The flapper became an ideal for women who wanted to be modern, chic, and carefree. By the mid-1920s, the flapper lifestyle was seen as a game rather than a social protest. Although always presented as young, flappers were no longer only teenagers; any woman could become one. Flappers had come to represent a lifestyle that was associated with the speakeasies, yet still acceptable for modern middle-class women who wanted greater personal freedom. This new self-assurance and self-awareness was represented in films by beautiful, energetic, independent female characters who were aware of their sexuality and knew how to get what they wanted. In the film It, Clara Bow plays a middle-class working girl in a department store who uses her sex appeal (the titular “it”) to capture the attention of the heir to the store and marry into wealth.
Impact
The flapper left her indelible mark on the language, dress, and behavior of American women. She was often labeled as bold for her outspoken nature and her use of slang; she was not a woman to be shocked by swearing or to censure the language of others. Flappers were energetic, independent, self-sufficient, and sure of themselves, and they ushered in a new era of freedom for women. The changing attitudes they inspired increasingly allowed women to enroll in colleges, enter the workforce, participate in politics, and generally play a greater role in society and public life.
Bibliography
Blackman, Cally. Twentieth Century Fashion: The Twenties and Thirties—Flappers and Vamps. Milwaukee, Wis.: Gareth Stevens, 2000. Discusses Chanel’s influence on the development of the flapper style.
Chadwick, Whitney, and Tirza True Latimer, eds. The Modern Woman Revisited: Paris Between the Wars. New Brunswick, N.J.: Rutgers University Press, 2003. Discusses the influence of the expatriate society of Paris between the world wars.
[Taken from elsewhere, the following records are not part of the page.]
Lemma growth_bound_pos i : 0 < growth_bound x i.
Proof.
elim: i => [|i IHi]; first by rewrite /growth_bound /prodR /=; lra.
by rewrite growth_bound_succ; have := growth_factor_pos i.+1; nra.
Qed.

Lemma ln_growth_factor_step i :
  ln 2 + ln (growth_factor x i.+1) <= growth_factor x i.+2 - growth_factor x i.+1.
Proof.
have ln2_le1 : ln 2 <= 1 by have := ln_le_sub1 2; lra.
have ln2_ge := ln2_ge; have := exp_pos 5; have := ln_x_ge; have := ln_ln_x_ge.
rewrite /growth_factor; set L := ln x => lnL_ge5 L_ge e5_gt0.
have lnL_le_L : ln L <= L by have := ln_le_sub1 L ltac:(lra); lra.
case: i => [|i].
  (* a_1 = ln x, so here the increment 2 ln 2 ln ln x alone must absorb ln 2 + ln ln x. *)
  rewrite /= ln_1 Rmult_0_r Rmult_0_l Rplus_0_r (_ : 1 + 1 = 2); nra.
rewrite (S_INR i.+2); set t := INR i.+2.
have t_ge2 : 2 <= t by apply: (le_INR 2); apply/leP.
have t_ln_t : 0 <= t * ln t := INR_mul_ln_ge0 i.+2.
have ln_t_ge : ln 2 <= ln t by apply: ln_le; lra.
have incr : ln t + 1 <= (t + 1) * ln (t + 1) - t * ln t by apply: mul_ln_succ_sub_ge; lra.
have ln_factor : ln (L + t * ln t * ln L) <= ln L + 2 * ln t.
  have : L + t * ln t * ln L <= L * (t * t).
    have : t * ln t <= t * (t - 1) by apply: Rmult_le_compat_l; [lra | apply: ln_le_sub1; lra].
    have : t * ln t * ln L <= t * ln t * L by apply: Rmult_le_compat_l.
    nra.
  by move/ln_le; rewrite !ln_mult; nra.
have : ln L * (ln t + 1) <= ln L * ((t + 1) * ln (t + 1) - t * ln t) by apply: Rmult_le_compat_l; lra.
have : 5 * ln t <= ln L * ln t by apply: Rmult_le_compat_r; lra.
lra.
Qed.

Lemma ln_growth_bound_le i : ln (growth_bound x i) <= growth_factor x i.+1.
Proof.
elim: i => [|i IHi].
  by rewrite /growth_bound /growth_factor /prodR /= ln_1 Rmult_1_l Rmult_1_r; lra.
have step := ln_growth_factor_step i; have a_pos := growth_factor_pos i.+1.
have B_pos := growth_bound_pos i.
by rewrite growth_bound_succ ln_mult ?(ln_mult 2); nra.
Qed.

End GrowthBound.

Lemma iter_nth_prime_le_growth_bound (M x : nat) :
  (forall m : nat, (M <= m)%nat -> INR (nth_prime m) <= 2 * INR m * ln (INR m)) ->
  (M <= x)%nat -> exp (exp 5) <= INR x ->
  forall i, INR (iter i nth_prime x) <= growth_bound (INR x) i.
Proof.
move=> nth_prime_le le_Mx x_large; elim=> [|i IHi].
  by rewrite /growth_bound /prodR /=; lra.
have le_x_y := leq_iter_nth_prime i x; set y := iter i nth_prime x in IHi le_x_y *.
have y_ge1 : 1 <= INR y.
  have := le_INR _ _ (elimT leP le_x_y); have := exp_ineq1_le (exp 5); have := exp_pos 5.
  lra.
have ln_y_le : ln (INR y) <= growth_factor (INR x) i.+1.
  apply: Rle_trans (ln_growth_bound_le _ x_large i); apply: ln_le; lra.
rewrite iterS growth_bound_succ.
apply: Rle_trans (nth_prime_le y (leq_trans le_Mx le_x_y)) _.
have := ln_ge0 _ y_ge1; have := growth_factor_pos _ x_large i.+1.
nra.
Qed.

(* With R_scope open, the statement's [(_ <= _)%N] would be read as a real inequality. *)
Close Scope R_scope.

Theorem theorem10 (n : nat) (hn : (1 <= n)%N) :
  exists k0 : nat, forall k j : nat, (k0 <= k)%N -> (k <= j)%N ->
    (INR (iter_prime j n) <=
     2 ^ (subn j k) * INR (iter_prime k n) *
     prodR (subn j k) (fun i : nat =>
       ln (INR (iter_prime k n)) +
       INR i * ln (INR i) * ln (ln (INR (iter_prime k n)))))%R.
Proof.
have [M nth_prime_le] := nth_prime_le_mul_ln.
have [K lt_K] := INR_unbounded (exp (exp 5)).
exists (maxn M K) => k j le_k le_kj.
have le_iter := iter_prime_ge k n hn.
have -> : iter_prime j n = iter (j - k) nth_prime (iter_prime k n).
  by rewrite /iter_prime -iterD subnK.
apply: (iter_nth_prime_le_growth_bound M) => //; first by lia.
have le_K : (K <= iter_prime k n)%nat by lia.
by have := le_INR _ _ (elimT leP le_K); lra.
Qed.
Lemma maximal_bound_explicit N (x : 'I_N -> R) (a b : R) (M : nat) (c : R) :
  a < b -> (forall i, a <= x i <= b) -> (1 <= M)%N -> (M < N)%N -> 0 < c ->
  Prob (fun s : {perm 'I_N} => exists k, (1 <= k <= M)%N /\ psum x s k / INR (N - k) >= c)
  <= exp (- (2 * c ^ 2 * INR N * INR (N - M) ^ 2
             / ((b - a) ^ 2 * INR M * (INR (N - M) + 1)))).
Proof.
move=> Hab Hx HM1 HM Hc.
apply: (Rle_trans _ _ _ (maximal_bound N x a b M c Hab Hx HM1 HM Hc)); apply: exp_le.
have HV := vproxy_pos N M HM1 HM.
have Hw : 0 < (b - a) ^ 2 by apply: pow_lt; lra.
have HNM : 0 < INR (N - M) by apply: lt_0_INR; apply/ltP; lia.
have HMR : 0 < INR M by apply: lt_0_INR; apply/ltP.
have HN : 0 < INR N by apply: lt_0_INR; apply/ltP; lia.
have Hc2 : 0 < 2 * c ^ 2 by have := pow_lt c 2 Hc; lra.
set B := INR M * (INR (N - M) + 1) / (INR N * INR (N - M) ^ 2).
have -> : 2 * c ^ 2 * INR N * INR (N - M) ^ 2 / ((b - a) ^ 2 * INR M * (INR (N - M) + 1))
        = 2 * c ^ 2 / ((b - a) ^ 2 * B) by rewrite /B; field; repeat split; lra.
apply/Ropp_le_contravar/Rmult_le_compat_l; first lra.
apply: Rinv_le_contravar; first exact: Rmult_lt_0_compat.
by apply: Rmult_le_compat_l; [lra | apply: vproxy_le].
Qed.

Lemma pmean_opp N (x : 'I_N -> R) : pmean (fun i => - x i) = - pmean x.
Proof.
rewrite /pmean -(big_morph Ropp Ropp_plus_distr Ropp_0).
by rewrite /Rdiv Ropp_mult_distr_l.
Qed.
Fass, Paula S. The Damned and the Beautiful: American Youth in the 1920s. Oxford: Oxford University Press, 1979. A scholarly social history of the flappers.
Sagert, Kelly Boyer. Flappers: A Guide to an American Subculture. Santa Barbara, Calif.: Greenwood Press, 2010. Provides general information about the decade that produced the flappers.
Zeitz, Joshua. Flapper: A Madcap Story of Sex, Style, Celebrity, and the Women Who Made America Modern. New York: Crown, 2006. A historical look at flappers and the influences of the Fitzgeralds, Chanel, and Bow.